→ Assigned task
When the line with "by case: (boolP" appears below, start repeating lines exactly, and keep going through the line with "Let e_G0_mem k : tag k \in G0 -> e k = e0 k."; add nothing outside that span.
_ _ _ _
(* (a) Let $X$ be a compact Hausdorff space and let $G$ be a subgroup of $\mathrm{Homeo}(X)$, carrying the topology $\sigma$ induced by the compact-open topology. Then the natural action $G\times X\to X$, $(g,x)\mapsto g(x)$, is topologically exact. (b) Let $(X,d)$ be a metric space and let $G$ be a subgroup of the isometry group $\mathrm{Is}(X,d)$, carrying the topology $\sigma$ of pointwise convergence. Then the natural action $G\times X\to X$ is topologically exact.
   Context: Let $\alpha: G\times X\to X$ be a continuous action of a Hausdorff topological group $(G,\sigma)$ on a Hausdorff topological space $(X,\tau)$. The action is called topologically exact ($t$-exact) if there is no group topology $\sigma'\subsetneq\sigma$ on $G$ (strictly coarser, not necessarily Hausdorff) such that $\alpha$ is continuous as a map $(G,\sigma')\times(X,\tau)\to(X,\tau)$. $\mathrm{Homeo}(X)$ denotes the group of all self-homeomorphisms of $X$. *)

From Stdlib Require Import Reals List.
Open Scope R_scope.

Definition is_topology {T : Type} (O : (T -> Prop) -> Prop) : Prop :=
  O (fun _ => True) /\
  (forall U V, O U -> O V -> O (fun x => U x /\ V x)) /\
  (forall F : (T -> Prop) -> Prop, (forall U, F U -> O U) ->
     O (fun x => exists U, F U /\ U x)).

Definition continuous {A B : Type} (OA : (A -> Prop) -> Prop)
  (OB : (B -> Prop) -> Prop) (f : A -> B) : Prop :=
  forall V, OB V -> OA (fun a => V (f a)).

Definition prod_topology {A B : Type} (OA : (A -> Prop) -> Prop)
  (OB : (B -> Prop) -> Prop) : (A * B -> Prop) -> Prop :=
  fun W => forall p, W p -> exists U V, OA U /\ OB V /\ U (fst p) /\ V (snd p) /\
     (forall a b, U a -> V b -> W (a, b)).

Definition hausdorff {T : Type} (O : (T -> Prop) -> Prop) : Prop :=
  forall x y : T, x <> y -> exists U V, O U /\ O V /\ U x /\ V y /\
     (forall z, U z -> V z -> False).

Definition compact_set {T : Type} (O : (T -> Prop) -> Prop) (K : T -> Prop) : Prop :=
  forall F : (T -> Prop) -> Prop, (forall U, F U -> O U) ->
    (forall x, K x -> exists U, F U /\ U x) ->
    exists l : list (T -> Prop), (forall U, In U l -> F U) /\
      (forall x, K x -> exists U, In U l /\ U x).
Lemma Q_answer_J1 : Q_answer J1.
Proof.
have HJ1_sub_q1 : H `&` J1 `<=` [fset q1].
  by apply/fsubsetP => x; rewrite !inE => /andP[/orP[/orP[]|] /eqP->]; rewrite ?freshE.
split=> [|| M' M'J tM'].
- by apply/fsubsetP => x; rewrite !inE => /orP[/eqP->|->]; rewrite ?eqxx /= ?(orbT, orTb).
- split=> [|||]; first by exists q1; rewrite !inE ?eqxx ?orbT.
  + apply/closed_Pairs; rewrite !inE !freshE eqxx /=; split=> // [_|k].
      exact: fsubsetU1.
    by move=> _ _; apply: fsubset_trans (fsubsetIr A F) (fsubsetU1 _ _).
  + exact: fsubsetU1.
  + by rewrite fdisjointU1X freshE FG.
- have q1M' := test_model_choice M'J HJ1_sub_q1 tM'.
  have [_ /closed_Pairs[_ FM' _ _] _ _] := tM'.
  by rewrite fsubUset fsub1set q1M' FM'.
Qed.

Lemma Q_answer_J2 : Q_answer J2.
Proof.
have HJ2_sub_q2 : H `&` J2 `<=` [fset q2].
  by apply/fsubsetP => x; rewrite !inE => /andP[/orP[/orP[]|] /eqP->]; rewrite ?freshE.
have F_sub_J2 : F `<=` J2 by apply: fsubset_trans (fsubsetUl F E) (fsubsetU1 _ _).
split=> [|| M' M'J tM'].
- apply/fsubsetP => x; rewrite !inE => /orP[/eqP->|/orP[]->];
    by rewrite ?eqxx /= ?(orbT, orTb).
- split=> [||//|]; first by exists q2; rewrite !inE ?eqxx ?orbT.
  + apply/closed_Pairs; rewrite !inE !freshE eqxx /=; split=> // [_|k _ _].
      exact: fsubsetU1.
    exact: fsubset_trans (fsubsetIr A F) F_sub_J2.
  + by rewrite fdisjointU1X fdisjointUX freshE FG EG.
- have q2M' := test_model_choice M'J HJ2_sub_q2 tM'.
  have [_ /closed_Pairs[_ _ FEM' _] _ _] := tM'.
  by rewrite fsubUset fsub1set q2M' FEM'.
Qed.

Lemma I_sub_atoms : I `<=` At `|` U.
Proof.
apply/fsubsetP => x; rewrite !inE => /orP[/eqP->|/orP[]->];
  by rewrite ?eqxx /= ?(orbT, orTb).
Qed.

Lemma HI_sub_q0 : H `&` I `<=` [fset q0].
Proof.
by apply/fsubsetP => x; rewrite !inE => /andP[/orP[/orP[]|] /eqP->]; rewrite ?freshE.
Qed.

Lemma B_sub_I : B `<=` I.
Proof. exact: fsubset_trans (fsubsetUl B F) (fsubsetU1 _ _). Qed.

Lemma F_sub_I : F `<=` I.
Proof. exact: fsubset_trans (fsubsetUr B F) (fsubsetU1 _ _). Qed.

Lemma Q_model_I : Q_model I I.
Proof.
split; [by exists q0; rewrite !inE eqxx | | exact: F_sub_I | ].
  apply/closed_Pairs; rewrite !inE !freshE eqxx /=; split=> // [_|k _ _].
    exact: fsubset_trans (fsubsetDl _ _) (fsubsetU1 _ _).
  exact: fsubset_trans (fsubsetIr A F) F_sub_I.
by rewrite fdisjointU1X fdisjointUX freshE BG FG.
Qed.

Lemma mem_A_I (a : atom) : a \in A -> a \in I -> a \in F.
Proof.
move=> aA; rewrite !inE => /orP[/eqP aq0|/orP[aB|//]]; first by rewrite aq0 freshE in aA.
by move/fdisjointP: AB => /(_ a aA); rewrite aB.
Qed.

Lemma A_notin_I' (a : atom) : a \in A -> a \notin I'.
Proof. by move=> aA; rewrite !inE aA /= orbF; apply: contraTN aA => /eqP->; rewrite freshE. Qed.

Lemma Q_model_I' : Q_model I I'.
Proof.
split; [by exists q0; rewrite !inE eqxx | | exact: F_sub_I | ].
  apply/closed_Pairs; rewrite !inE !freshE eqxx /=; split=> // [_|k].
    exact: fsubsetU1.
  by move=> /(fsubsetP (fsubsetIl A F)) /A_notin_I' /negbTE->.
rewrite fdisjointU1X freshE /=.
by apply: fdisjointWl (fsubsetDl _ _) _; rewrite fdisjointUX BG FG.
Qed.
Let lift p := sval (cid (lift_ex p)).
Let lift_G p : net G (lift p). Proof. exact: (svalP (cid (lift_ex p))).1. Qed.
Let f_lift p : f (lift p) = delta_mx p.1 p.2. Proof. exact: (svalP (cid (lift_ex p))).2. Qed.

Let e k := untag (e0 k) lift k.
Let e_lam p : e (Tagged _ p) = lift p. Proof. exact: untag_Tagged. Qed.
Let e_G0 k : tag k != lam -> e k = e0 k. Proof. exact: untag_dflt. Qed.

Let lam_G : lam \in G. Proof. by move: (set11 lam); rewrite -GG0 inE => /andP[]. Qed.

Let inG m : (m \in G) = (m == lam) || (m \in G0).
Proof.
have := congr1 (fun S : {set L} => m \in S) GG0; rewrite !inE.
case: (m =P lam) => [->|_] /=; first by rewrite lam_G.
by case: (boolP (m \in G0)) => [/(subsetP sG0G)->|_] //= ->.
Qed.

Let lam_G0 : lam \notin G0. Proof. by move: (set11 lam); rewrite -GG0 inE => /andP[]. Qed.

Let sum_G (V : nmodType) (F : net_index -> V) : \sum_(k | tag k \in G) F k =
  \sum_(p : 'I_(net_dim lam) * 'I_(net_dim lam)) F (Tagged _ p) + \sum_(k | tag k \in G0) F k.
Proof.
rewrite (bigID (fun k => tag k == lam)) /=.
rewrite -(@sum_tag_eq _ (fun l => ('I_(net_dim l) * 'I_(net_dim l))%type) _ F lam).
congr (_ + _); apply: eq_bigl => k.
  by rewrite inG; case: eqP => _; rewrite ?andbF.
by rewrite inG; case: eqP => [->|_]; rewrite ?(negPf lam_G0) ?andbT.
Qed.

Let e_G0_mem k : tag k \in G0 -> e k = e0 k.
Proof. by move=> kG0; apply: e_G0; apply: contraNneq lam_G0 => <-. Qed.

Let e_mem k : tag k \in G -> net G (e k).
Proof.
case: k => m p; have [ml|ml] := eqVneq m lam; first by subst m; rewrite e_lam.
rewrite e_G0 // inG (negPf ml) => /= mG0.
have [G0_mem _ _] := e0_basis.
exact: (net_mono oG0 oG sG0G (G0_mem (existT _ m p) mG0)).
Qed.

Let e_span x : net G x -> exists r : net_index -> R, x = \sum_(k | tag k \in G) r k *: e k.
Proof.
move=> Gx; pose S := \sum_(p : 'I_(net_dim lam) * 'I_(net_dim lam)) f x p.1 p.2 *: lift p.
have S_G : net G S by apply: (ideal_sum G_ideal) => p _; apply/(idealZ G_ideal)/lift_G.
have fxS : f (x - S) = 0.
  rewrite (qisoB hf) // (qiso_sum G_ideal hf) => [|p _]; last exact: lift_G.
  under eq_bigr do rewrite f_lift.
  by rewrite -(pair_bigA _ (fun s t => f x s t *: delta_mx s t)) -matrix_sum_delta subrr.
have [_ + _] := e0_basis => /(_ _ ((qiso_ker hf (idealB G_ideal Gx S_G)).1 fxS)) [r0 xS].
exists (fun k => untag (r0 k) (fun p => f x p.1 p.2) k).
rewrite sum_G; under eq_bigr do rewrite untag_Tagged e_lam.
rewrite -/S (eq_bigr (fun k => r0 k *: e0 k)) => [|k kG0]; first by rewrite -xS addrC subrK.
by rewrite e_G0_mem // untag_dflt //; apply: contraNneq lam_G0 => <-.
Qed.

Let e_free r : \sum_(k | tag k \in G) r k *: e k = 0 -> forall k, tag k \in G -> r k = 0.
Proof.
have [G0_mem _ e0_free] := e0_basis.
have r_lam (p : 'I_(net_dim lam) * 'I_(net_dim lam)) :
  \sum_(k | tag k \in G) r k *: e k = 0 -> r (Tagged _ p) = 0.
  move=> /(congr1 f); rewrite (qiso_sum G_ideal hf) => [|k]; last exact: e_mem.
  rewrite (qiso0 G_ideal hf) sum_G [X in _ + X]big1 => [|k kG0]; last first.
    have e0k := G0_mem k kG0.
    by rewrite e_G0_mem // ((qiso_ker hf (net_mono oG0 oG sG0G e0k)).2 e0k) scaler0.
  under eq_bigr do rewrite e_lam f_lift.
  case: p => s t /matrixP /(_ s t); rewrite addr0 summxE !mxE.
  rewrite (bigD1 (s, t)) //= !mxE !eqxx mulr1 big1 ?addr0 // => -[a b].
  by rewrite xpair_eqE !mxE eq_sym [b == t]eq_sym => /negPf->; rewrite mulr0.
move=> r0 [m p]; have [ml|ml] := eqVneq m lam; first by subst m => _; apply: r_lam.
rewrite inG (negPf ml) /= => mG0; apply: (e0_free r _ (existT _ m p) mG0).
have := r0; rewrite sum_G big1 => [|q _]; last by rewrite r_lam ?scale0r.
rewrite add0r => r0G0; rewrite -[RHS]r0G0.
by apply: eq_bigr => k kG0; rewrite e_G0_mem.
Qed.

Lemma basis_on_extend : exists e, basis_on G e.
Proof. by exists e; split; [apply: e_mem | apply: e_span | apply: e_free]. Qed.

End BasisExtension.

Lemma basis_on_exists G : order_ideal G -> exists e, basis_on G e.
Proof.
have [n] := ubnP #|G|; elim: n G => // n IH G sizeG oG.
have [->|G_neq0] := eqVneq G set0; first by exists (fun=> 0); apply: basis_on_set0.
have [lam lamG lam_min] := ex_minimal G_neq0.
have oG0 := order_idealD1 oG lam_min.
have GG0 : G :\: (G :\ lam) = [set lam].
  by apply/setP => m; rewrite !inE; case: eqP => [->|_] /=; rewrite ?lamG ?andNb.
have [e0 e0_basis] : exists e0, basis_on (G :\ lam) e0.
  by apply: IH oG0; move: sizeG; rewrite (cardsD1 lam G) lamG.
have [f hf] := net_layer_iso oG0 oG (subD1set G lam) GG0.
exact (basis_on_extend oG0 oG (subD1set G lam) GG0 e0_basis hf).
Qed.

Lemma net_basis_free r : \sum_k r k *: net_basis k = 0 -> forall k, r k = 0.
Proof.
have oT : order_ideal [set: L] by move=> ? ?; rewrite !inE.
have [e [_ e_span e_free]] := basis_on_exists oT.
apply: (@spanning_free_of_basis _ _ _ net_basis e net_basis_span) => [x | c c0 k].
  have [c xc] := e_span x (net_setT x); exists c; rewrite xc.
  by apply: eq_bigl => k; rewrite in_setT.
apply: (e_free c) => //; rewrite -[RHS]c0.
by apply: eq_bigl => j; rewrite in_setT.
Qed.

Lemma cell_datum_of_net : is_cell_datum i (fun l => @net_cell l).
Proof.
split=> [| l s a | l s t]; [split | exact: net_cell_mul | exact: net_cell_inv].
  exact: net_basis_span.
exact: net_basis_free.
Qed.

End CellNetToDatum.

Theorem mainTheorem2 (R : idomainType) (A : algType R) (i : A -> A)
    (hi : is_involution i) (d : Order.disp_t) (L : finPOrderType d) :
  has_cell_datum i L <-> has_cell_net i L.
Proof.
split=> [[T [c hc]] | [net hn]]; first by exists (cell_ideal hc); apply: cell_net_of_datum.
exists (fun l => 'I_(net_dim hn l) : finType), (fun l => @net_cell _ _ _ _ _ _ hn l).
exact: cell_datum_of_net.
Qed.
_ _ _ _
→ Expected answer
by case: (boolP (m \in G0)) => [/(subsetP sG0G)->|_] //= ->.
Qed.

Let lam_G0 : lam \notin G0. Proof. by move: (set11 lam); rewrite -GG0 inE => /andP[]. Qed.

Let sum_G (V : nmodType) (F : net_index -> V) : \sum_(k | tag k \in G) F k =
  \sum_(p : 'I_(net_dim lam) * 'I_(net_dim lam)) F (Tagged _ p) + \sum_(k | tag k \in G0) F k.
Proof.
rewrite (bigID (fun k => tag k == lam)) /=.
rewrite -(@sum_tag_eq _ (fun l => ('I_(net_dim l) * 'I_(net_dim l))%type) _ F lam).
congr (_ + _); apply: eq_bigl => k.
  by rewrite inG; case: eqP => _; rewrite ?andbF.
by rewrite inG; case: eqP => [->|_]; rewrite ?(negPf lam_G0) ?andbT.
Qed.

Let e_G0_mem k : tag k \in G0 -> e k = e0 k.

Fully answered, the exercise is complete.